Are Trump's economic plans full of promise or nonsense?

December 3, 2016

 

Donald Trump’s bid for presidency has been marred with controversy due to his unorthodox tactics but also welcomed with great enthusiasm for his lack of political background and seemingly truthful demeanor. One source of Trump’s increasing popularity is attributed to his economic policy. At first sight, Trump’s economic policy is full of promising ideas such as creating new jobs, reducing taxes and cutting down the deficit. However, some of the ways he proposes to accomplish these goals involves questionable actions.

 

Central to his economic plans is his promise to create 25 million new jobs over the next ten years. Part of how Trump will create these jobs is by not enacting any more economic regulations because he claims these regulations cost the U.S. $2 trillion a year. The regulations he will eliminate include the Dodd Frank Act which was passed in 2010 by Barack Obama in response to the 2008 recession. The act allows the government to put regulations on the financial industry. However, if this act is discarded, the U.S. may be at risk for another financial crisis like the one in 2008. Trump also wants to eliminate regulations he views as “unnecessary” which includes acts such as the Waters of the U.S. Rule and the Clean Power Plan. By decreasing environmental regulations, Trump will bring coal and mining jobs back to the U.S. and although this would increase the amount of jobs, the quality of these jobs may prove to be more detrimental than beneficial due to the health hazards associated with these occupations.

 

While increasing jobs is a worthwhile endeavor for a president, the course Trump is taking to solve this issue may not be the most effective. Instead of bringing low level industrial jobs to the U.S. like those in coal and mining, the government may need to focus on providing the education for its citizens to acquire higher level skills set which will allow them to get good jobs and contribute meaningfully to a modernized society.

 

Another part of Trump’s economic policy is reforming the tax codes by reducing the tax brackets from seven to three. The three new tax brackets would be 12, 25, and 33, meaning a 12 percent income tax would be imposed on married-joint filers earning under $75,000, a 25 percent income tax imposed if earning between $75,000 and $225,000 and a 33 percent income tax if earning more than $225,000. The brackets for single filers would be half the above amounts. Trump also said that low-income Americans will pay no income taxes at all and millions of Americans will be taken off the income tax rolls entirely. Trump claims that these reforms are part a tax relief aimed at helping the middle and working class.

 

In addition, he wants to decrease business taxes from 35 percent to 15 percent which Trump believes will stimulate the economy. However, this new business tax would apply to all businesses, even to billionaire real estate magnates. This new business tax could provide a new loophole for people looking to reduce the amount of taxes they have to pay.
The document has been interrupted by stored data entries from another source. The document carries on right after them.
(* Let $\mathbf L$ be an algebraic lattice with an equa-interior operator $\eta$ satisfying \[ (\dagger)\qquad \tau(x)\le\tau(c)\ \&\ \eta(z)\le c\ \implies\ \eta(\eta(z)\vee\tau(x\wedge z))\le c \quad\text{for all }x,z,c\in L. \] Then $(\mathbf L,\eta)$ satisfies the four-coatom condition: whenever $a,b,c,d$ are coatoms of $\mathbf L$ such that $a\sim d$, $\eta(a)\not\le d$, $\eta(c)\le d$ and $\eta(c)=\eta(a\wedge b)$, then $\eta(c)=\eta(b\wedge d)$.
   Context: An equa-interior operator on an algebraic lattice $\mathbf L$ is a map $\eta:L\to L$ such that for all $x,y,z\in L$: (I1) $\eta(x)\le x$; (I2) $x\ge y$ implies $\eta(x)\ge\eta(y)$; (I3) $\eta^2(x)=\eta(x)$; (I4) $\eta(1)=1$; (I5) if $\eta(x)=u$ for all $x\in X\subseteq L$ then $\eta(\bigvee X)=u$; (I6) $\eta(x)\vee(y\wedge z)=(\eta(x)\vee y)\wedge(\eta(x)\vee z)$; (I7) the image $\eta(L)$ is the complete join subsemilattice of $L$ generated by the elements of $\eta(L)$ that are compact in $\mathbf L$; (I8) there is a compact element $w\in L$ with $\eta(w)=w$ such that the interval $[w,1]$ is isomorphic to the congruence lattice of a join semilattice with $0$. Define $\tau(x)=\bigvee\{z\in L:\eta(z)=\eta(x)\}$. For coatoms $a,d$, $a\sim d$ means the principal filter ${\uparrow}(a\wedge d)$ has exactly four elements, namely $\{1,a,d,a\wedge d\}$. *)

From mathcomp Require Import all_boot all_order.
Set Implicit Arguments. Unset Strict Implicit. Unset Printing Implicit Defensive.
Import Order.LTheory.
Local Open Scope order_scope.

Section EquaInterior.
Context {disp : Order.disp_t} {L : tbLatticeType disp}.

Definition is_lub (X : L -> Prop) (s : L) : Prop :=
  (forall x, X x -> x <= s) /\ (forall u, (forall x, X x -> x <= u) -> s <= u).

Definition complete_lattice : Prop := forall X : L -> Prop, exists s, is_lub X s.

Definition compact (c : L) : Prop :=
  forall (X : L -> Prop) (s : L), is_lub X s -> c <= s ->
    exists F : seq L, (forall x, x \in F -> X x) /\ c <= \join_(x <- F) x.

Definition algebraic_lattice : Prop :=
  complete_lattice /\ forall x : L, is_lub (fun c => compact c /\ c <= x) x.

End EquaInterior.

(* congruences of a join semilattice with 0 (S, \/, 0): equivalence relations
   compatible with the join (compatibility with the constant 0 is automatic) *)
Definition js_congruence {d'} {S : bJoinSemilatticeType d'} (th : S -> S -> Prop) : Prop :=
  (forall a, th a a) /\ (forall a b, th a b -> th b a) /\
  (forall a b c, th a b -> th b c -> th a c) /\
  (forall a b a' b', th a b -> th a' b' -> th (a `|` a') (b `|` b')).

Section EquaInterior2.
Context {disp : Order.disp_t} {L : tbLatticeType disp}.

Definition interval_iso_Con (w : L) : Prop :=
  exists (d' : Order.disp_t) (S : bJoinSemilatticeType d') (f : L -> S -> S -> Prop),
    (forall x, w <= x -> js_congruence (f x)) /\
    (forall x y, w <= x -> w <= y ->
       (x <= y <-> (forall a b, f x a b -> f y a b))) /\
    (forall th : S -> S -> Prop, js_congruence th ->
       exists x, w <= x /\ forall a b, f x a b <-> th a b).

Definition equa_interior (eta : L -> L) : Prop :=
  (forall x, eta x <= x) /\
  (forall x y, y <= x -> eta y <= eta x) /\
  (forall x, eta (eta x) = eta x) /\
  (eta \top = \top) /\
  (forall (X : L -> Prop) (u s : L), (exists x, X x) ->
              (forall x, X x -> eta x = u) -> is_lub X s -> eta s = u) /\
  (forall x y z, eta x `|` (y `&` z) = (eta x `|` y) `&` (eta x `|` z)) /\
  (forall y, (exists x, eta x = y) <->
              exists X : L -> Prop,
                (forall c, X c -> compact c /\ exists x, eta x = c) /\ is_lub X y) /\
  (exists w, compact w /\ eta w = w /\ interval_iso_Con w).

Definition is_tau (eta tau : L -> L) : Prop :=
  forall x, is_lub (fun z => eta z = eta x) (tau x).

Definition coatom (a : L) : Prop :=
  a != \top /\ forall x, a <= x -> x = a \/ x = \top.

Definition sim (a d : L) : Prop :=
  (forall x, a `&` d <= x <-> (x = \top \/ x = a \/ x = d \/ x = a `&` d)) /\
  (\top != a /\ \top != d /\ \top != a `&` d /\ a != d /\ a != a `&` d /\ d != a `&` d).

Definition four_coatom_condition (eta : L -> L) : Prop :=
  forall a b c d : L, coatom a -> coatom b -> coatom c -> coatom d ->
    sim a d -> ~ (eta a <= d) -> eta c <= d -> eta c = eta (a `&` b) ->
    eta c = eta (b `&` d).

End EquaInterior2.

From mathcomp Require Import all_boot all_order.
Import Order.LTheory.
Local Open Scope order_scope.

Set Implicit Arguments.
Unset Strict Implicit.

(* With
   x := a /\ d, z := b /\ d and c := d, the hypothesis on (L, eta) gives
   eta (eta (b /\ d) \/ tau (a /\ b /\ d)) <= d.  Now tau (a /\ b /\ d) = c,
   because eta (a /\ b /\ d) = eta c and coatoms are fixed by tau; hence the
   join eta (b /\ d) \/ c is not the top, so eta (b /\ d) <= c, and the
   equality eta c = eta (b /\ d) follows by idempotence.  The premise
   tau (a /\ d) <= tau d = d is where a ~ d and eta a not <= d enter. *)

Section CoatomFacts.
Context {disp : Order.disp_t} {L : tbLatticeType disp}.

Lemma coatom_neq_top (a : L) : coatom a -> a != \top.
Proof. by case. Qed.

Lemma le_coatom_of_join (c x : L) : coatom c -> c `|` x != \top -> x <= c.
Proof.
move=> [_ maxc] cxT; case: (maxc _ (leUl c x)) => [<-|cxE]; first exact: leUr.
by rewrite cxE eqxx in cxT.
Qed.

End CoatomFacts.

Section EquaInteriorTau.
Context {disp : Order.disp_t} {L : tbLatticeType disp}.
Variables eta tau : L -> L.
Hypothesis eta_le : forall x, eta x <= x.
Hypothesis eta_mono : forall x y, y <= x -> eta y <= eta x.
Hypothesis eta_idem : forall x, eta (eta x) = eta x.
Hypothesis eta_top : eta \top = \top.
Hypothesis eta_lub : forall (X : L -> Prop) (u s : L), (exists x, X x) ->
  (forall x, X x -> eta x = u) -> is_lub X s -> eta s = u.
Hypothesis tauP : is_tau eta tau.

Lemma le_eta_of_le x y : eta x <= y -> eta x <= eta y.
Proof. by move=> /eta_mono; rewrite eta_idem. Qed.

Lemma eta_meet_id x y : eta x <= y -> eta (x `&` y) = eta x.
Proof.
move=> exy; apply/le_anti; rewrite eta_mono ?leIl //=.
by apply: le_eta_of_le; rewrite lexI eta_le.
Qed.

Lemma le_tau x : x <= tau x.
Proof. exact: (proj1 (tauP x)). Qed.

Lemma eta_tau x : eta (tau x) = eta x.
Proof. exact: eta_lub (ex_intro _ x erefl) (fun _ => id) (tauP x). Qed.

Lemma tau_eq x y : eta x = eta y -> tau x = tau y.
Proof.
have le_tau_of_eta u v : eta u = eta v -> tau u <= tau v.
  move=> euv; apply: (proj2 (tauP u)) => z ezu.
  by apply: (proj1 (tauP v)); rewrite ezu.
by move=> exy; apply/le_anti; rewrite !le_tau_of_eta.
Qed.

Lemma eta_neq_top_le x a : a != \top -> x <= a -> eta x != \top.
Proof.
move=> aT xa; apply: contraNneq aT => exT.
by rewrite -le1x -exT (le_trans (eta_le x)).
Qed.

Lemma tau_coatom m : coatom m -> tau m = m.
Proof.
move=> [mT maxm]; case: (maxm _ (le_tau m)) => // tauT.
by case/negP: (eta_neq_top_le mT (lexx m)); rewrite -eta_tau tauT eta_top.
Qed.

Lemma tau_meet_sim_le a d : sim a d -> a != \top -> ~ eta a <= d ->
  tau (a `&` d) <= d.
Proof.
move=> [filter_ad _] aT nad.
case: (proj1 (filter_ad _) (le_tau _)) => [|[|[|]]] tauE.
- by case/negP: (eta_neq_top_le aT (leIl a d)); rewrite -eta_tau tauE eta_top.
- by case: nad; rewrite -tauE eta_tau (le_trans (eta_le _)) ?leIr.
- by rewrite tauE.
- by rewrite tauE leIr.
Qed.

Hypothesis dagger : forall x z c : L, tau x <= tau c -> eta z <= c ->
  eta (eta z `|` tau (x `&` z)) <= c.

Lemma four_coatom_of_dagger : four_coatom_condition eta.
Proof.
move=> a b c d ca _ cc cd sim_ad nad ecd ecab.
have ecb : eta c <= b by rewrite ecab (le_trans (eta_le _)) ?leIr.
have tau_abd : tau (a `&` b `&` d) = c.
  by rewrite (@tau_eq _ c) ?tau_coatom // eta_meet_id -?ecab.
have := @dagger (a `&` d) (b `&` d) d.
rewrite (tau_coatom cd) meetACA meetxx tau_abd joinC.
move=> /(_ (tau_meet_sim_le sim_ad (coatom_neq_top ca) nad)).
move=> /(_ (le_trans (eta_le _) (leIr d b))) edc.
have ebdc : eta (b `&` d) <= c.
  apply: le_coatom_of_join => //; apply: contraNneq (coatom_neq_top cd) => cT.
  by rewrite -le1x -eta_top -cT.
by apply/le_anti; rewrite !le_eta_of_le ?lexI ?ecb.
Qed.

End EquaInteriorTau.

Theorem theorem6p3 (disp : Order.disp_t) (L : tbLatticeType disp) (eta tau : L -> L) :
  algebraic_lattice (L := L) ->
  equa_interior eta ->
  is_tau eta tau ->
  (forall x z c : L, tau x <= tau c -> eta z <= c ->
     eta (eta z `|` tau (x `&` z)) <= c) ->
  four_coatom_condition eta.
Proof.
move=> _ [eta_le [eta_mono [eta_idem [eta_top [eta_lub _]]]]] tauP dagger.
exact: (four_coatom_of_dagger eta_le eta_mono eta_idem eta_top eta_lub tauP dagger).
Qed.
Lemma associated_PF_of_IF F m :
  ~ IF I F 'X_[m] -> (forall j, j \notin F -> IF I (j |: F) 'X_[m]) ->
  associated_prime I (PF F).
Proof.
move=> nIF IFj.
have /fin_all_exists [e IFe] : forall j, exists e,
    j \notin F -> forall c, (e <= c j)%N -> IF I F 'X_[m + c].
  move=> j; case: (boolP (j \in F)) => jF; first by exists 0%N.
  by have [e IFe] := IF_setU1 (IFj j jF); exists e.
pose P c := supported_on (~: F) c /\ ~ IF I F 'X_[m + c].
have [c [cF nIFc] maxc] : exists2 c, P c & forall j, ~ P (c + U_(j))%MM.
  apply: (exists_maximal_mnm (B := \sum_j e j)).
    by split; [apply/supported_onP => i; rewrite mnm0E | rewrite addm0].
  move=> c [/supported_onP cF nIFc]; rewrite mdegE; apply: leq_sum => i _.
  have [iF|iF] := boolP (i \in F); first by rewrite cF // inE iF.
  by apply: ltnW; rewrite ltnNge; apply: contra_notN nIFc; apply: IFe.
have [w wF Iw] : exists2 w, supported_on F w &
    forall j, j \in ~: F -> I 'X_[m + c + U_(j) + w].
  apply: IF_common_witness => j; rewrite inE => jF; apply: NNPP => nIFj.
  apply: (maxc j); split; last by rewrite addmA.
  apply/supported_onP => i; rewrite inE negbK => iF.
  rewrite mnmDE mnm1E (supported_onP _ _ cF) ?inE ?iF //.
  by case: eqP jF => // ->; rewrite iF.
apply: (associated_PF (b := m + c + w)%MM).
  by move=> j jF; rewrite -addmA [(w + _)%MM]addmC addmA; apply: Iw; rewrite inE.
move=> w' w'F Iww'; apply: nIFc; apply/IF_X.
by exists (w + w')%MM; [apply: supported_onD | rewrite addmA].
Qed.

End MonomialIdeals.

Section DegreeComplex.
Variables (k : fieldType) (n : nat).
Variable I : {mpoly k[n]} -> Prop.
Variable a : 'I_n -> int.
Implicit Types (F : {set 'I_n}).

Lemma in_locE F : Gset a \subset F ->
  in_loc I F a <-> exists2 v, supported_on F v & I 'X_[aplus a + v].
Proof.
move=> /subsetP GF.
have aplusE i : aplus a i = if (a i < 0)%R then 0%N else absz (a i) by rewrite mnmE.
have a_nonneg i : i \notin F -> (a i < 0)%R = false.
  by move=> iF; apply/negbTE; have := contra (GF i) iF; rewrite inE.
split.
- case=> u [uF [a_u_pos Iu]].
  exists [multinom (absz (a i + (u i)%:Z)%R - aplus a i)%N | i < n].
    by apply/supported_onP => i iF; rewrite mnmE aplusE uF // a_nonneg //; lia.
  congr (I 'X_[_]): Iu; apply/mnmP => i; rewrite mnmDE !mnmE.
  by have := a_u_pos i; case: ifP; lia.
- case=> v /supported_onP vF Iv.
  exists (fun i => if (a i < 0)%R then (absz (a i) + v i)%N else v i); split.
    by move=> i iF; rewrite a_nonneg // vF.
  split; first by move=> i; case: ifP; lia.
  congr (I 'X_[_]): Iv; apply/mnmP => i; rewrite mnmDE !mnmE; case: ifP; lia.
Qed.

Lemma in_loc_IF F : monomial_ideal I -> Gset a \subset F ->
  in_loc I F a <-> IF I F 'X_[aplus a].
Proof. by move=> monI GF; rewrite in_locE // IF_X. Qed.

Lemma is_facet_degree_complexE F : Gset a \subset F ->
  is_facet (degree_complex I a) (F :\: Gset a) <->
  ~ in_loc I F a /\ forall F', F \subset F' -> ~ in_loc I F' a -> F' = F.
Proof.
move=> GF; split=> [[[F0 [GF0 FF0 nlocF0]] maxF] | [nlocF maxF]].
  have -> : F = F0.
    by apply/eqP; rewrite eqEsubset (subset_setDr GF0) ?FF0 // (subset_setDr GF) ?FF0.
  split=> // F' F0F' nlocF'; have GF' := subset_trans GF0 F0F'.
  have := maxF (F' :\: Gset a) (ex_intro _ F' (And3 GF' erefl nlocF')).
  rewrite FF0 => /(_ (setSD _ F0F')) E.
  by apply/eqP; rewrite eqEsubset F0F' (subset_setDr GF0) ?E.
split=> [|_ [F' [GF' -> nlocF']] FF']; first by exists F.
by rewrite (maxF F') // (subset_setDr GF').
Qed.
For instance, high earners could turn themselves into contractors rather than employees which essentially makes them one person businesses and therefore, they would only be obligated to pay the business tax. This business tax could also produce even larger budget deficits by reducing the amount of revenue the federal government would be getting from businesses.

 

In terms of trade, Trump wants to get rid of the Trans-Pacific Partnership and renegotiate NAFTA. However, it is not specified what Trump wants from renegotiating NAFTA. Additionally, he wants to label China as a “currency manipulator” and crack down on China’s illegal trade activity. If China does not comply with the U.S., Trump proposes enforcing a 45 percent tariff on Chinese imports. However, China’s loss of its trade surplus with the U.S. may not be as detrimental as Trump thinks to their $4.5 trillion economy.

 

Trump’s economic plans are indisputably ambitious. However, many economists believe they are based on unrealistic assumptions that may ultimately increase the deficit. Although his ideas are aimed at jumpstarting the economy, the viability of these ideas are still largely unknown and only in the implementation of these plans in the coming years will we know for sure the future of the U.S. economy.